前原代表の「想定外」だった 野党大合併、頓挫の理由を明かす

解散8日前。水面下で着々と大新党構想が進められていた。よもや今のような事態になろうとは、2人とも予想だにしなかっただろう。=9月20日、都内 撮影:筆者=

解散8日前。水面下で着々と大新党構想が進められていた。よもや今のような事態になろうとは、2人とも予想だにしなかっただろう。=9月20日、都内 撮影:筆者=

 前原・民進党代表の「現時点では想定内」発言は、真っ赤なウソである。民進党の3分裂、希望の党の自壊は、前原代表の「想定外」だった。その舞台裏を明かす―

 大合併による新党構想は民進党代表選挙前から進んでいた。田中は代表戦の最中に小沢・自由党代表に近い筋から小沢・自由党代表のシナリオを聞かされていた。夏真っ盛りの頃である。

 前原圧勝を読んでいた小沢は代表選が告示(8月21日)される前から腹心を民進党から離党させ日本ファースト(当時・のちに希望の党)に送り込んでいた。

 小沢のシナリオはこうだった―
 まず民進、自由、社民で合併する。その後、日本ファーストとも一緒になる。   

 安保法制が強行採決された2015年秋ごろから小沢と共産党の志位委員長は会合を重ねてきた。

 共産党が下ろせる選挙区は大胆に下ろす。野党共闘という名の候補者調整は翌夏(2016年)参院選で実った。

 小沢は民進党の前原代表とも会合を重ね薫陶を授けてきた。

 枝野を退けて新代表に選ばれた前原はテレビ番組のインタビューで、共産党との選挙協力に否定的な発言を繰り返す・・・野党共闘は成立しない。勝てると踏んだ安倍首相は解散に打って出た。安倍は まんまと おびき出されたのである。

衆院解散前日。選挙向けの駆け込み寺として希望の党が期待を一身に集めていた頃だった。こちらも今の事態を予想だにしなかっただろう。=9月27日、都内 撮影:筆者=

衆院解散前日。選挙向けの駆け込み寺として希望の党が期待を一身に集めていた頃だった。こちらも今の事態を予想だにしなかっただろう。=9月27日、都内 撮影:筆者=

 9月28日午前、安倍が衆院を解散すると、前原はその日の午後、両院議員総会で希望の党との合流計画を発表。民進党の議員たちは満場一致で了承した(異論も出たようだが)。
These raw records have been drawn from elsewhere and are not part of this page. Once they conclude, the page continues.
Definition merged_place (t : 'I_(k + K')) :=
  match split t with inl j => Q j | inr s => R (enum_val s) end.
Definition merged_mult (t : 'I_(k + K')) :=
  match split t with
  | inl j => m j + \sum_i c i * place_ind (R i) (Q j)
  | inr s => c (enum_val s)
  end.
Definition merged_deg (t : 'I_(k + K')) :=
  match split t with inl j => d j | inr _ => 1%N end.

Let split_lshift (j : 'I_k) : split (lshift K' j) = inl j := unsplitK (inl j).
Let split_rshift (s : 'I_K') : split (rshift k s) = inr s := unsplitK (inr s).

Lemma merged_ok : divisor_ok iota merged_place merged_deg.
Proof.
case: Q_ok => pQ iQ dQ; split=> [t|t1 t2|t]; rewrite /merged_place /merged_deg.
- by case: (split t) => [j|s]; [apply: pQ|case: (R_rat (enum_val s)) => []].
- case: (split_ordP t1) => [j1|s1] ->; case: (split_ordP t2) => [j2|s2] ->;
    rewrite ?split_lshift ?split_rshift => e.
  + by rewrite (iQ _ _ e).
  + by move: (enum_valP s2) => /decbP/(_ j1); rewrite e.
  + by move: (enum_valP s1) => /decbP/(_ j2); rewrite e.
  + by rewrite (enum_val_inj (R_inj e)).
- by case: (split t) => [j|s]; [apply: dQ|case: (R_rat (enum_val s))].
Qed.

Lemma divisor_merged w : place w ->
  divisor merged_place merged_mult w = divisor Q m w + divisor R c w.
Proof.
have [_ iQ _] := Q_ok; have [_ iP _] := merged_ok; move=> hw.
case: (classic (exists j, w = Q j)) => [[j ->]|nj].
  have e : Q j = merged_place (lshift K' j) by rewrite /merged_place split_lshift.
  by rewrite {1}e divisor_at // /merged_mult split_lshift divisor_at.
rewrite (divisor_out m) => [|j e]; last by apply: nj; exists j.
case: (classic (exists i, w = R i)) => [[i wi]|ni].
  subst w.
  have Ri : i \in R_new by rewrite inE; apply/decbP => j e; apply: nj; exists j.
  have e : R i = merged_place (rshift k (enum_rank_in Ri i)).
    by rewrite /merged_place split_rshift enum_rankK_in.
  by rewrite {1}e divisor_at // /merged_mult split_rshift enum_rankK_in // divisor_at // add0r.
rewrite (divisor_out c) => [|i e]; last by apply: ni; exists i.
apply: divisor_out => t; rewrite /merged_place; case: (split t) => [j|s] e.
  by apply: nj; exists j.
by apply: ni; exists (enum_val s).
Qed.

(* A place of R that is also a place of Q has degree 1 on both sides, so its
   multiplicity can be transferred to Q without changing the degree. *)
Lemma merged_degree :
  \sum_t merged_mult t * (merged_deg t)%:Z = \sum_j m j * (d j)%:Z + \sum_i c i.
Proof.
have [pQ iQ dQ] := Q_ok.
have R_Q_deg i j : R i = Q j -> d j = 1%N.
  move=> e; apply: (rational_place_degree (R_rat i)); rewrite e; exact: dQ.
have R_count i : \sum_j place_ind (R i) (Q j) = (i \notin R_new)%:R.
  rewrite (eq_bigr (fun j => 1 * place_ind (Q j) (R i))) => [|j _]; last first.
    by rewrite mul1r place_indC.
  case: (boolP (i \in R_new)) => [/decbP h|/decbP h]; first by apply: divisor_out.
  have [j ->] : exists j, R i = Q j.
    by apply: NNPP => h'; apply: h => j e; apply: h'; exists j.
  exact: divisor_at.
rewrite big_split_ord /= (bigID (fun i => i \in R_new) _ c) /= [RHS]addrCA [RHS]addrC.
congr (_ + _); last first.
  rewrite (big_enum_val (A := R_new)); apply: eq_bigr => s _.
  by rewrite /merged_mult /merged_deg split_rshift mulr1.
rewrite (eq_bigr (fun j => m j * (d j)%:Z + \sum_i c i * place_ind (R i) (Q j))).
  rewrite big_split /= exchange_big /=; congr (_ + _).
  rewrite [RHS]big_mkcond; apply: eq_bigr => i _.
  by rewrite -mulr_sumr R_count; case: (i \in R_new); rewrite ?mulr0 ?mulr1.
move=> j _; rewrite /merged_mult /merged_deg split_lshift mulrDl; congr (_ + _).
rewrite mulr_suml; apply: eq_bigr => i _; rewrite /place_ind; case: decbP => e.
  by rewrite (R_Q_deg i j (esym e)) !mulr1.
by rewrite !mulr0 mul0r.
Qed.

End MergeDivisors.

Section GenusBound.
Variables (F : finFieldType) (E : fieldType) (iota : {rmorphism F -> E}) (g : nat).
Local Notation place := (is_place iota).
Hypothesis genus : is_genus iota g.

Lemma Lspace_genus_bound k (Q : 'I_k -> E -> int) (d : 'I_k -> nat) K (R : 'I_K -> E -> int)
    m c D n : divisor_ok iota Q d -> injective R -> (forall i, rational_place iota (R i)) ->
  (forall w, place w -> D w = divisor Q m w + divisor R c w) ->
  has_dim iota (Lspace iota D) n ->
  \sum_j m j * (d j)%:Z + \sum_i c i + 1 - n%:Z <= g%:Z.
Proof.
move=> Q_ok R_inj R_rat eD hn; rewrite -(merged_degree m c Q_ok R_rat).
have P_ok := merged_ok Q_ok R_inj R_rat; apply: (genus.1 _ _ _ _ _ P_ok).
apply: has_dim_ext hn => x; rewrite LRR_Lspace; last by case: P_ok.
by apply: Lspace_ext => w hw; rewrite eD // (divisor_merged m c Q_ok R_inj R_rat hw).
Qed.

End GenusBound.

Lemma is_burst_window (F : fieldType) N b (e : 'rV[F]_N) a :
  (forall k : 'I_N, e ord0 k != 0 -> (a <= k < a + b)%N) -> is_burst b e.
Proof.
move=> h; case: (classic (exists k, e ord0 k != 0)) => [[k0 hk0]|nk]; last first.
  left; apply/rowP => k; rewrite mxE; apply/eqP; apply: NNPP => hk; apply: nk.
  by exists k; apply/negP.
right.
have [i hi mi] := @arg_minnP _ k0 (fun k => e ord0 k != 0) (@nat_of_ord N) hk0.
have [j hj mj] := @arg_maxnP _ k0 (fun k => e ord0 k != 0) (@nat_of_ord N) hk0.
exists i, j; split => // [k hk|]; first by have := mi k hk; have := mj k hk; lia.
by have := h i hi; have := h j hj; lia.
Qed.

Lemma is_burst_halves (F : fieldType) N t (c : 'rV[F]_N) :
  (forall j : 'I_N, c ord0 j != 0 -> (j < 2 * t)%N) ->
  let r := \row_j (if (j < t)%N then c ord0 j else 0) in
  is_burst t (r - 0) /\ is_burst t (r - c).
Proof.
move=> hc r; split.
  by apply: (is_burst_window (a := 0)) => j; rewrite !mxE subr0; case: ifP; rewrite ?eqxx.
apply: (is_burst_window (a := t)) => j; rewrite !mxE; case: ifP => [|ht].
  by rewrite subrr eqxx.
by rewrite sub0r oppr_eq0 => /hc; move: ht; lia.
Qed.

Lemma sum_ord_geq (N w : nat) : (\sum_(j < N) (w <= j)%N)%N = (N - w)%N.
Proof.
elim: N => [|N IH]; first by rewrite big_ord0.
by rewrite big_ord_recr /= IH; case: (leqP w N) => h; lia.
Qed.

Section TailVanishing.
Variables (F : finFieldType) (E : fieldType) (iota : {rmorphism F -> E}).
Variables (g N lam : nat) (P : 'I_N -> E -> int) (Pinf : E -> int).
Hypothesis genus : is_genus iota g.
Hypothesis P_rat : forall i, rational_place iota (P i).
Hypothesis Pinf_rat : rational_place iota Pinf.
Hypothesis P_inj : injective P.
Hypothesis P_Pinf : forall i, P i <> Pinf.
Hypothesis g_le_lam : (g <= lam)%N.
Hypothesis lam_lt_N : (lam < N)%N.
Local Notation place := (is_place iota).
Local Notation Lspace := (Lspace iota).

Definition PinfP (i : 'I_N.+1) := if unlift ord0 i is Some j then P j else Pinf.

Lemma PinfP_inj : injective PinfP.
Proof.
move=> i1 i2; rewrite /PinfP.
case: unliftP => [j1 ->|->]; case: unliftP => [j2 ->|->] // e.
- by rewrite (P_inj e).
- by case: (P_Pinf e).
- by case: (P_Pinf (esym e)).
Qed.

Lemma PinfP_rat i : rational_place iota (PinfP i).
Proof. by rewrite /PinfP; case: unlift. Qed.

Lemma divisor_PinfP c w :
  divisor PinfP c w = c ord0 * place_ind Pinf w + divisor P (fun j => c (lift ord0 j)) w.
Proof.
rewrite /divisor big_ord_recl /PinfP unlift_none; congr (_ + _).
by apply: eq_bigr => j _; rewrite liftK.
Qed.

Let P_pd j : place (P j) /\ place_degree iota (P j) 1 := P_rat j.

(* A nonzero f with (f) >= sum P_j - lam P_inf would embed L(A0 + sum P_j),
   of dimension >= l(A0) + N by Riemann's inequality, into L(A0 + lam P_inf),
   of dimension <= l(A0) + lam. *)
Lemma Lspace_sub_all_eq0 f :
  Lspace (fun w => lam%:Z * place_ind Pinf w - divisor P (fun _ => 1) w) f -> f = 0.
Proof.
move=> hf; apply: NNPP => /eqP f0.
have [_ [k [Q [m0 [d0 [n0 [Q_ok L_A0 A0_genus]]]]]]] := genus.
have {}A0_genus : \sum_i m0 i * (d0 i)%:Z + 1 - n0%:Z = g%:Z := A0_genus.
have [_ Q_inj _] := Q_ok.
have spans_A0 : spans iota (Lspace (divisor Q m0)) n0.
  by apply: has_dim_spans; apply: has_dim_ext L_A0 => x; apply: LRR_Lspace.
have [n1 _ dim1] := spans_has_dim (Lspace_subspace _ _)
  (spans_Lspace_add_sum (index_enum 'I_N) (fun _ => 1%N) P_pd spans_A0).
have n1_ge : (n0 + N <= n1)%N.
  pose c (i : 'I_N.+1) : int := if unlift ord0 i is Some _ then 1 else 0.
  have eD w : place w -> divisor Q m0 w + \sum_(j < N) 1 * place_ind (P j) w =
                         divisor Q m0 w + divisor PinfP c w.
    move=> _; rewrite divisor_PinfP /c unlift_none mul0r add0r; congr (_ + _).
    by apply: eq_bigr => j _; rewrite liftK.
  have := Lspace_genus_bound genus Q_ok PinfP_inj PinfP_rat eD dim1.
  have -> : \sum_i c i = N%:Z.
    rewrite big_ord_recl /c unlift_none add0r (eq_bigr (fun _ => 1)) => [|j _].
      by rewrite sumr_const card_ord natz.
    by rewrite liftK.
  by move: A0_genus; lia.
have spans_A0_lam : spans iota (Lspace (fun w =>
    (lam%:Z * place_ind Pinf w - divisor P (fun _ => 1) w) +
    (divisor Q m0 w + \sum_(j < N) 1 * place_ind (P j) w))) (lam * 1 + n0).
  apply: spans_ext (spans_Lspace_addn lam (proj1 Pinf_rat) (proj2 Pinf_rat) spans_A0) => x.
  by apply: Lspace_ext => w _; rewrite /divisor; ring.
by have := indep_spans_leq (Lspace_mul_indep f0 hf dim1) spans_A0_lam; lia.
Qed.

Definition tail_start := (N - lam + g)%N.

Definition tail_divisor w : int :=
  lam%:Z * place_ind Pinf w - divisor P (fun j => (tail_start <= j)%N%:Z) w.

(* If L(lam P_inf - sum_{j >= tail_start} P_j) were 0, then L(lam P_inf) would be
   spanned by N - tail_start = lam - g elements, against Riemann's inequality. *)
Lemma exists_tail_vanishing : exists2 f, f != 0 & Lspace tail_divisor f.
Proof.
apply: NNPP => nf.
have spans0 : spans iota (Lspace tail_divisor) 0.
  exists (fun _ => 0); split=> [[]//|x hx]; exists (fun _ => 0).
  by rewrite /lincomb big_ord0; apply: NNPP => x0; apply: nf; exists x => //; apply/eqP.
have [n n_le dimn] := spans_has_dim (Lspace_subspace _ _)
  (spans_Lspace_add_sum (index_enum 'I_N) (fun j => (tail_start <= j)%N) P_pd spans0).
have Q0_ok : divisor_ok iota (fun _ : 'I_0 => Pinf) (fun _ => 0%N) by split=> [[]|[]|[]].
pose c (i : 'I_N.+1) : int := if unlift ord0 i is Some _ then 0 else lam%:Z.
have eD w : place w -> tail_divisor w + \sum_(j < N) (tail_start <= j)%N%:Z * place_ind (P j) w =
                       divisor (fun _ : 'I_0 => Pinf) (fun _ => 0) w + divisor PinfP c w.
  move=> _; rewrite divisor_PinfP /c unlift_none /divisor big_ord0 add0r /tail_divisor.
  by rewrite subrK big1 ?addr0 // => j _; rewrite liftK mul0r.
have := Lspace_genus_bound genus Q0_ok PinfP_inj PinfP_rat eD dimn.
rewrite big_ord0 big_ord_recl /c unlift_none big1 => [|j _]; last by rewrite liftK.
move: n_le; rewrite (eq_bigr _ (fun j _ => muln1 _)) sum_ord_geq /tail_start; lia.
Qed.

Lemma tail_divisor_Pinf : tail_divisor Pinf = lam%:Z.
Proof.
by rewrite /tail_divisor place_ind_id divisor_out ?mulr1 ?subr0 // => j /esym /P_Pinf.
Qed.

Lemma tail_divisor_P j : tail_divisor (P j) = - (tail_start <= j)%N%:Z.
Proof. by rewrite /tail_divisor place_ind_ne ?mulr0 ?add0r ?divisor_at. Qed.

Lemma tail_divisor_le0 w : w <> Pinf -> tail_divisor w <= 0.
Proof.
move=> wP; case: (classic (exists j, w = P j)) => [[j ->]|nj].
  by rewrite tail_divisor_P; case: (tail_start <= j)%N.
rewrite /tail_divisor place_ind_ne // divisor_out ?mulr0 ?subr0 // => j e.
by apply: nj; exists j.
Qed.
 小沢が小池百合子と水面下で続けていた交渉は、実を結んだかに見えた。

 「皆で希望の党に行きましょう」。前原代表が希望側に一括して名簿を出すので、踏み絵は踏まなくてよい。ごく一部をのぞいてほとんどの議員(解散後は前職)が、希望の党への移籍を希望した。

 巨大野党の出現に安倍はたじろいだ。政権交代が見えてきた ― ここまでは小沢のシナリオ通りだった。

 「日本初の女性首相」などとマスコミが囃し立てた。すっかりその気になった小池は権力欲をむき出しにした。その後の転落は、あらためて述べるまでもない。

 「希望者は全員受け入れ」の一筆を取っていなかった前原は迂闊だった。わざと騙されたとの見方もある。

 合併新党の幹事長を狙っていた小沢は小池に裏切られた。小池への電話連絡もつかなくなっている状態という。

 自由党出身者への嫌がらせは凄惨を極める。民主党時代から長年耕してきた選挙区から見知らぬ選挙区に国替えさせているのだ。そこは自民党の有名政治家が抜群に強い選挙区だ。比例復活も絶望的である。死刑執行に等しい。

 策士、策に溺れる。小池の自分ファーストは、安倍独裁を倒せる千載一遇の機会をぶち壊した。裏切りは政界の常とはいえ、国民までも裏切った罪は永遠にリセットできない。